## EXERCISE OBJECTIVE
Copy word for word the lines from the start of the records through the line that contains "Theorem proposition3p3 (X", both included.

* * * *

Lemma cond2_right_adjoint (hF : complete F) (hG : complete G) :
  cond2 a -> has_right_adjoint a.
Proof.
  intros [hjoin hleft].
  set (b := fun u (y : G u) => proj1_sig (constructive_indefinite_description _
              (join_preserving_local_right_adjoint hF hjoin u y))).
  assert (hab : local_adjoint a b).
  { intros u x y. exact (proj2_sig (constructive_indefinite_description _
      (join_preserving_local_right_adjoint hF hjoin u y)) x). }
  exists (Build_morphism X G F b
            (local_right_adjoint_natural hF hG hleft b hab)).
  split.
  - now apply (local_adjoint_order_preserving a).
  - now apply adjoint_iff_local.
Qed.

End FromCond2.
End RightAdjoint.

Theorem proposition3p3 (X : Frame) (F G : posheaf X)
  (hF : complete F) (hG : complete G)
  (a : morphism F G) (ha : order_preserving a) :
  (sup_preserving a <-> cond2 a) /\ (cond2 a <-> has_right_adjoint a).
Proof.
  split; split.
  - apply sup_preserving_cond2.
  - intro H2. destruct (cond2_right_adjoint a ha hF hG H2) as [b [_ hab]].
    apply (right_adjoint_sup_preserving a b). now apply adjoint_iff_local.
  - exact (cond2_right_adjoint a ha hF hG).
  - intros [b [_ hab]]. apply (right_adjoint_cond2 a b).
    now apply adjoint_iff_local.
Qed.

* * * *

## RESULT
Lemma cond2_right_adjoint (hF : complete F) (hG : complete G) :
  cond2 a -> has_right_adjoint a.
Proof.
  intros [hjoin hleft].
  set (b := fun u (y : G u) => proj1_sig (constructive_indefinite_description _
              (join_preserving_local_right_adjoint hF hjoin u y))).
  assert (hab : local_adjoint a b).
  { intros u x y. exact (proj2_sig (constructive_indefinite_description _
      (join_preserving_local_right_adjoint hF hjoin u y)) x). }
  exists (Build_morphism X G F b
            (local_right_adjoint_natural hF hG hleft b hab)).
  split.
  - now apply (local_adjoint_order_preserving a).
  - now apply adjoint_iff_local.
Qed.

End FromCond2.
End RightAdjoint.

Theorem proposition3p3 (X : Frame) (F G : posheaf X)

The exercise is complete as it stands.